YOUR OBJECTIVE: From the entries below, return only the lines starting at the one that contains "by exists sigma" and ending at the one that contains "rewrite addr0 IHP;", exactly as they stand.
[RECORDS SUPPLIED]
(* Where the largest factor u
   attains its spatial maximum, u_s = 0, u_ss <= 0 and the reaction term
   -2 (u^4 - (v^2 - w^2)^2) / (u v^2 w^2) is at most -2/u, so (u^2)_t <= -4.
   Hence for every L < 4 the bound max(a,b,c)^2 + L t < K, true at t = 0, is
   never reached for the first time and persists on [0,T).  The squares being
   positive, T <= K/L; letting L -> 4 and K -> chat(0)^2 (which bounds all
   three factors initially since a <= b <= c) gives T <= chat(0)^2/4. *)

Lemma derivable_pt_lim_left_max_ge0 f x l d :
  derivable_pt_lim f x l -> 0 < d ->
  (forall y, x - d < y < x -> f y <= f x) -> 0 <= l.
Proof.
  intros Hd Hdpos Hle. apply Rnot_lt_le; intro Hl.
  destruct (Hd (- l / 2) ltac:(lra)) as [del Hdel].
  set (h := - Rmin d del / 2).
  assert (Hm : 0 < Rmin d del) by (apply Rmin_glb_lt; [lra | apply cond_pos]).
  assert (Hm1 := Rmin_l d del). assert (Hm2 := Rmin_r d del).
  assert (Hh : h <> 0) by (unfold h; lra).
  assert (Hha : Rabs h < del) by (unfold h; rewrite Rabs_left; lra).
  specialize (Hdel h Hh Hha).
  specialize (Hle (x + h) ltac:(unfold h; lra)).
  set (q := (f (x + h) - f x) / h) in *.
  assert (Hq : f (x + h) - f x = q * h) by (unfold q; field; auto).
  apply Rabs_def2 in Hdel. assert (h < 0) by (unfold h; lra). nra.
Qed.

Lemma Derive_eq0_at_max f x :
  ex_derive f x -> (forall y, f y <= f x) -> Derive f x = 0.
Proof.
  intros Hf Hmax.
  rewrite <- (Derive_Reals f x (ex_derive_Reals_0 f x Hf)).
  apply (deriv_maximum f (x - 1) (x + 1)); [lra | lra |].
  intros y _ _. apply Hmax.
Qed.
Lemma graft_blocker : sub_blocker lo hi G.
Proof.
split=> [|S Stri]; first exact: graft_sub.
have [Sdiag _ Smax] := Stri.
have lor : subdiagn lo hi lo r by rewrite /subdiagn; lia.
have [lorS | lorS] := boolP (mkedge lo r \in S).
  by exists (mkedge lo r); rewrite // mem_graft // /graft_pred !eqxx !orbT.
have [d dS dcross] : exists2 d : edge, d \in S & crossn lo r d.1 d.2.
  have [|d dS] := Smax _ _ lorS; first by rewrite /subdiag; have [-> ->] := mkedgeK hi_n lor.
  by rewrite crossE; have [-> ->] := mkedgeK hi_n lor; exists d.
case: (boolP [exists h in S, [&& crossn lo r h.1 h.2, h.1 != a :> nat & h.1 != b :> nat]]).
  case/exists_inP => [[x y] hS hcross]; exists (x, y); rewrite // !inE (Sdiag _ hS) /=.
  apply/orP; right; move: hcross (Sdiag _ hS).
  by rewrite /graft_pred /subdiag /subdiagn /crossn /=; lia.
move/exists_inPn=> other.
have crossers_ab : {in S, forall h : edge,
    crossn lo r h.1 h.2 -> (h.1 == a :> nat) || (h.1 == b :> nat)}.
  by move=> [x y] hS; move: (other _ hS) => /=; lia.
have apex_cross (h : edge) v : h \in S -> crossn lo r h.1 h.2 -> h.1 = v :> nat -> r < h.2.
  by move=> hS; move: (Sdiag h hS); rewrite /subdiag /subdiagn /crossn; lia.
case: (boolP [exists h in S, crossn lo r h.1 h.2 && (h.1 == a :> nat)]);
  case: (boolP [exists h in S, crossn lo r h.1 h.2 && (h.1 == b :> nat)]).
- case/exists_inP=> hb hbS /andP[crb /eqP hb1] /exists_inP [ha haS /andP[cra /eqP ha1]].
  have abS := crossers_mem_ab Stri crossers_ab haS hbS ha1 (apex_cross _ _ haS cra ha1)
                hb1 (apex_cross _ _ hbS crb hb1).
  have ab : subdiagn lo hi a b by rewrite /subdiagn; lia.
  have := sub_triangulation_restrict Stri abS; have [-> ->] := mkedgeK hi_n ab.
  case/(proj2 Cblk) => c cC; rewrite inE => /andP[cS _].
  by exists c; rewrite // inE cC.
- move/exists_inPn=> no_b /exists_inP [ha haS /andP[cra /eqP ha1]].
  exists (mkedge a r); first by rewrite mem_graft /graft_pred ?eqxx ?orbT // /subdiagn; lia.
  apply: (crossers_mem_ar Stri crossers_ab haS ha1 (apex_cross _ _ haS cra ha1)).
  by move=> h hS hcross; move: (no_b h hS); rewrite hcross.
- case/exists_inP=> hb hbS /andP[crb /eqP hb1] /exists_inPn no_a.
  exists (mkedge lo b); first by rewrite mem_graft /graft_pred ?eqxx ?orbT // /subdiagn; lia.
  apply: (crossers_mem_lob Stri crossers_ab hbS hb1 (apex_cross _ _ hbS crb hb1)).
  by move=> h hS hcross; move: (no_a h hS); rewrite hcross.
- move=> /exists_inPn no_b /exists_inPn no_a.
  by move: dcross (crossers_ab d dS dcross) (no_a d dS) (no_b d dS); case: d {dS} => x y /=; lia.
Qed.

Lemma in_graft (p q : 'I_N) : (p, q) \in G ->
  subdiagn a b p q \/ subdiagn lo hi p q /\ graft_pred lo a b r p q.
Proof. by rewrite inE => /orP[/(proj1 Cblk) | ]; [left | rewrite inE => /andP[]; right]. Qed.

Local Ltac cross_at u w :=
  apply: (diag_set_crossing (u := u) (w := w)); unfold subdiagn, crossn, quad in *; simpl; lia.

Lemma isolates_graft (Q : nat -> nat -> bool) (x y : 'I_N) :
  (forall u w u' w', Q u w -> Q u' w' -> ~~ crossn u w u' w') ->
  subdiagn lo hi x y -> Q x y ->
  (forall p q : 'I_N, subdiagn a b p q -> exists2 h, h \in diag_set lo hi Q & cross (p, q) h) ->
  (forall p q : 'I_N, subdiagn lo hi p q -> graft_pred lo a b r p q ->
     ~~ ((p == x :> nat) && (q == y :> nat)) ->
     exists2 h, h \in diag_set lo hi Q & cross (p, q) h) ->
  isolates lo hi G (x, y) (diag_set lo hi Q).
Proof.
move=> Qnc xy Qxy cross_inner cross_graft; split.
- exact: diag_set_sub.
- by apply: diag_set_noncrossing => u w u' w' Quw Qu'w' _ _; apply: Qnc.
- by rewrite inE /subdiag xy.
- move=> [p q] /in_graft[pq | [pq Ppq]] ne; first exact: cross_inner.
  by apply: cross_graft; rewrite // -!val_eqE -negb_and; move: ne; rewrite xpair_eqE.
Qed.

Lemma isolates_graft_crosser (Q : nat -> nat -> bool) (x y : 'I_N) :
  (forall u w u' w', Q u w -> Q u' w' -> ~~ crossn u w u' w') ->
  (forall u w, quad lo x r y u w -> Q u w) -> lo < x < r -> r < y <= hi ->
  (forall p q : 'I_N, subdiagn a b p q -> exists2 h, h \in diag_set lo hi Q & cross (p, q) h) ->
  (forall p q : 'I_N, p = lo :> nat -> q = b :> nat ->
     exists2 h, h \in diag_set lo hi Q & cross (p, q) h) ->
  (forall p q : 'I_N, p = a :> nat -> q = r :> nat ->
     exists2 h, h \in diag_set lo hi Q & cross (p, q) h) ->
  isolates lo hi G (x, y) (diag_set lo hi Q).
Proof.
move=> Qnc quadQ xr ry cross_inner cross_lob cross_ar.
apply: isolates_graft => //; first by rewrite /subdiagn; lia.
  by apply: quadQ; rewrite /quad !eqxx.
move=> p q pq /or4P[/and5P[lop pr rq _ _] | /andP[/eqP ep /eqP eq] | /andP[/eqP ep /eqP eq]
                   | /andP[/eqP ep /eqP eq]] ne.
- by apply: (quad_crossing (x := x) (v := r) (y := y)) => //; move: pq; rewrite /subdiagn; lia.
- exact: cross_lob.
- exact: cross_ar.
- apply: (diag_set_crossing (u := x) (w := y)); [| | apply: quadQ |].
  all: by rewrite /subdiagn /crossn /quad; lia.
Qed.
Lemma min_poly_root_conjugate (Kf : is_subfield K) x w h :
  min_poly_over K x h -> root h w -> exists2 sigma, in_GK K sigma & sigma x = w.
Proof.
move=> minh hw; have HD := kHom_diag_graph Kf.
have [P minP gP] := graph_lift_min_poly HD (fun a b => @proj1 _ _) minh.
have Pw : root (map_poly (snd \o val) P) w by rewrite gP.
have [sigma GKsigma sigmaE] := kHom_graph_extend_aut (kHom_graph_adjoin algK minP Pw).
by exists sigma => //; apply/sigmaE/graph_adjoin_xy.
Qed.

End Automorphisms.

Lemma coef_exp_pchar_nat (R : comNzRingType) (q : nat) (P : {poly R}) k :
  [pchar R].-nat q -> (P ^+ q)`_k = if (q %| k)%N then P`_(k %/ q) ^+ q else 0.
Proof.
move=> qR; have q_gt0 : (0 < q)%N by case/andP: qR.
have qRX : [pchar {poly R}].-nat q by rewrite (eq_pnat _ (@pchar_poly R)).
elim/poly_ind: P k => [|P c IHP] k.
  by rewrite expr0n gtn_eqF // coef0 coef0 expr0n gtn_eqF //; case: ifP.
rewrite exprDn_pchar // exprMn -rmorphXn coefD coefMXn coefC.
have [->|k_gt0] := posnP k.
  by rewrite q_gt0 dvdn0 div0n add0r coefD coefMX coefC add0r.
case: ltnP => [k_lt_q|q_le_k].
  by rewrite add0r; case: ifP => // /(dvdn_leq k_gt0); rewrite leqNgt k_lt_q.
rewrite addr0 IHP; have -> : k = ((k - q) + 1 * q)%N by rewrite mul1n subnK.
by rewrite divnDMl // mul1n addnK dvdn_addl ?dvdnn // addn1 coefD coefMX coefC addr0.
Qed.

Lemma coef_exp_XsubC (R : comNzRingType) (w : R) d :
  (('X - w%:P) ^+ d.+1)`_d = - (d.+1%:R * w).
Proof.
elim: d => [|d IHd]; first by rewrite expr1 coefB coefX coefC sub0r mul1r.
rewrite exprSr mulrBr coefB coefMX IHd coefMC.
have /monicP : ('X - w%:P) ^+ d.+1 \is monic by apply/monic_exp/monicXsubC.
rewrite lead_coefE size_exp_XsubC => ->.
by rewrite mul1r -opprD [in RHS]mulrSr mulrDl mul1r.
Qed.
[/RECORDS SUPPLIED]
[RECORDS SUPPLIED]
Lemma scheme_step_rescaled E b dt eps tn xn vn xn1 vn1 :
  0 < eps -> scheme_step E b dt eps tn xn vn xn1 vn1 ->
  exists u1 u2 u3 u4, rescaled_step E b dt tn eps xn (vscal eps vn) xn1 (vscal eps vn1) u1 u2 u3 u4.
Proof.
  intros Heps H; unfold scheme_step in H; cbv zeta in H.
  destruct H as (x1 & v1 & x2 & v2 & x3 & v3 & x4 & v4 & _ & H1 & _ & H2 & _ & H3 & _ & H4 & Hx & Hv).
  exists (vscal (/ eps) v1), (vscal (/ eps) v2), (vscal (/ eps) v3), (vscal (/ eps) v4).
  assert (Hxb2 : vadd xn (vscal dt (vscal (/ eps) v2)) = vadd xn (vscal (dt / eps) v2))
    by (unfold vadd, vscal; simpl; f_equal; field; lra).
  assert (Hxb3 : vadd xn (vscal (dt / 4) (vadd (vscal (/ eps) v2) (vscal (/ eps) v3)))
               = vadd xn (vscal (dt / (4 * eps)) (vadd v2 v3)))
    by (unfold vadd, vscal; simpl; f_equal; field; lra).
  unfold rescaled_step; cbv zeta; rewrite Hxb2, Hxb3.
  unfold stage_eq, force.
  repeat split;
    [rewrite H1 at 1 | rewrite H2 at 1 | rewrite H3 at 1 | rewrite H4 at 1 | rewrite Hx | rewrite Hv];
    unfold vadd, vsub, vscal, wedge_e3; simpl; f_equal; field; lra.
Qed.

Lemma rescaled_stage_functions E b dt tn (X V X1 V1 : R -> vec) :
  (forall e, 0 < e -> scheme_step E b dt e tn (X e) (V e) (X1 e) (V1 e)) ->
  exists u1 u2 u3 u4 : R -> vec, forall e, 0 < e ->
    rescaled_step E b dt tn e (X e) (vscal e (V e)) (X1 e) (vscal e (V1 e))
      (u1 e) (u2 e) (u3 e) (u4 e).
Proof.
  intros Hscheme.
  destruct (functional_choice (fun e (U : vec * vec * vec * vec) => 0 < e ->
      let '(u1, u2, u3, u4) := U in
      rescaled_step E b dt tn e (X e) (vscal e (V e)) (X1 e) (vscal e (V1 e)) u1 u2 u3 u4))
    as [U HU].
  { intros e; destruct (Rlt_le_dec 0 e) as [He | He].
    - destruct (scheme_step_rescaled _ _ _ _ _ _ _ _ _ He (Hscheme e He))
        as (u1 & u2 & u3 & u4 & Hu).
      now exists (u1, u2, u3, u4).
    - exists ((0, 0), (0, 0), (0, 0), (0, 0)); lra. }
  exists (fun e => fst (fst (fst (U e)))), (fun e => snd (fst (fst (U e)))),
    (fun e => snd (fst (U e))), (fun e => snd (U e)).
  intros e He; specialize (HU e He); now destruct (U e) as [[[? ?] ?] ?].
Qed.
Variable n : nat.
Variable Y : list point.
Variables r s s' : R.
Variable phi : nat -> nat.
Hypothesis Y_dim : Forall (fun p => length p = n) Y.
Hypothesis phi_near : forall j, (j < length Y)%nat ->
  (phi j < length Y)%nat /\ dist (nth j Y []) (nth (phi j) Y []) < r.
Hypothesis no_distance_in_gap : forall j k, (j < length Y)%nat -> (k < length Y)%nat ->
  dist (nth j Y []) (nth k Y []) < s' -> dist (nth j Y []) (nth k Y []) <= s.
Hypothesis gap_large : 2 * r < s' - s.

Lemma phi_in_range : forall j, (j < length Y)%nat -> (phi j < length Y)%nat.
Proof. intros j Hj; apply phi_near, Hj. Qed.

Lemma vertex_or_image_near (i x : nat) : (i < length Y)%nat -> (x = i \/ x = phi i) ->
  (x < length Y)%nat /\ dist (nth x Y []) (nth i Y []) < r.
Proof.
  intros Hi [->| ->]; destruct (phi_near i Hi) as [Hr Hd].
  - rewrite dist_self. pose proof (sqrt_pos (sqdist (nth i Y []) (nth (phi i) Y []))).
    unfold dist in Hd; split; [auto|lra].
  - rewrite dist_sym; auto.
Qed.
[/RECORDS SUPPLIED]
[RECORDS SUPPLIED]
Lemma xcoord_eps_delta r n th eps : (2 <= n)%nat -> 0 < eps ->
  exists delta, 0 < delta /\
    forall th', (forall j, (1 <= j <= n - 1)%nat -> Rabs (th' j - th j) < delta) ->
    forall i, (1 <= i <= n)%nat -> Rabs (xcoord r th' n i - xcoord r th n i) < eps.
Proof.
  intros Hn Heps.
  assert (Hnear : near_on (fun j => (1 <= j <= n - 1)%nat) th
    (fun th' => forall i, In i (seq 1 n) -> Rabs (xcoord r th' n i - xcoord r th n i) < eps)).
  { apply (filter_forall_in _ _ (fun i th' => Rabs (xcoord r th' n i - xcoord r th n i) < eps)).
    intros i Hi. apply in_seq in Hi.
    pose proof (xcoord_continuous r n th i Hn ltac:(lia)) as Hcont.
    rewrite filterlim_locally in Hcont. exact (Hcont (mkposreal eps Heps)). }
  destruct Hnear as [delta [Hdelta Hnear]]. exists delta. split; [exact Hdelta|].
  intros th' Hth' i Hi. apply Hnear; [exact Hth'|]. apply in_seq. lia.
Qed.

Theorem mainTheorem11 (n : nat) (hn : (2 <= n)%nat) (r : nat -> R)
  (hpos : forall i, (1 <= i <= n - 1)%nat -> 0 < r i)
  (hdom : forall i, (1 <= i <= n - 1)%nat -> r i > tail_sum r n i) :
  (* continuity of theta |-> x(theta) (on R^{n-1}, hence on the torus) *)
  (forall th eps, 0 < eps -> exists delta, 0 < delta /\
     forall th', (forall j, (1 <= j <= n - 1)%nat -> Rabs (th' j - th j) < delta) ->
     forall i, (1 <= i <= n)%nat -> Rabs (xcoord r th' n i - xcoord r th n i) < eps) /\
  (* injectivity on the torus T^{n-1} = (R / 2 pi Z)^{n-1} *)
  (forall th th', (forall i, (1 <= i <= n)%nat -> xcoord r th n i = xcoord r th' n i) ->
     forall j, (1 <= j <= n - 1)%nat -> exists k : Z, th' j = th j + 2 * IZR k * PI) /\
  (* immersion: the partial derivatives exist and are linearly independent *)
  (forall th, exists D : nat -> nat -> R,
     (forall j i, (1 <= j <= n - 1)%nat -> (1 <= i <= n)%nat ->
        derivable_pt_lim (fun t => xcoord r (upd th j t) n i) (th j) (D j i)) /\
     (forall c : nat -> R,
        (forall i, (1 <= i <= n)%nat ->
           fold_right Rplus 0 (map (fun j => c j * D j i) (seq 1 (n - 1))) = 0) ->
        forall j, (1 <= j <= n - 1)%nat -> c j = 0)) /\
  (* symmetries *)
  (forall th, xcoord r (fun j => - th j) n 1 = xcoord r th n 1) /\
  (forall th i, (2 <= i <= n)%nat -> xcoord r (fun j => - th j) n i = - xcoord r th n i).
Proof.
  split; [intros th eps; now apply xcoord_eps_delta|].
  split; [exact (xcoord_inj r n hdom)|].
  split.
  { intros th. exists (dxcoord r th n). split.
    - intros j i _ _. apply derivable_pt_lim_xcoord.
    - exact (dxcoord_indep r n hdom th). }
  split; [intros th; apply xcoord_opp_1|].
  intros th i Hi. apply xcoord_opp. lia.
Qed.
[/RECORDS SUPPLIED]
SOLVED EXERCISE:
by exists sigma => //; apply/sigmaE/graph_adjoin_xy.
Qed.

End Automorphisms.

Lemma coef_exp_pchar_nat (R : comNzRingType) (q : nat) (P : {poly R}) k :
  [pchar R].-nat q -> (P ^+ q)`_k = if (q %| k)%N then P`_(k %/ q) ^+ q else 0.
Proof.
move=> qR; have q_gt0 : (0 < q)%N by case/andP: qR.
have qRX : [pchar {poly R}].-nat q by rewrite (eq_pnat _ (@pchar_poly R)).
elim/poly_ind: P k => [|P c IHP] k.
  by rewrite expr0n gtn_eqF // coef0 coef0 expr0n gtn_eqF //; case: ifP.
rewrite exprDn_pchar // exprMn -rmorphXn coefD coefMXn coefC.
have [->|k_gt0] := posnP k.
  by rewrite q_gt0 dvdn0 div0n add0r coefD coefMX coefC add0r.
case: ltnP => [k_lt_q|q_le_k].
  by rewrite add0r; case: ifP => // /(dvdn_leq k_gt0); rewrite leqNgt k_lt_q.
rewrite addr0 IHP; have -> : k = ((k - q) + 1 * q)%N by rewrite mul1n subnK.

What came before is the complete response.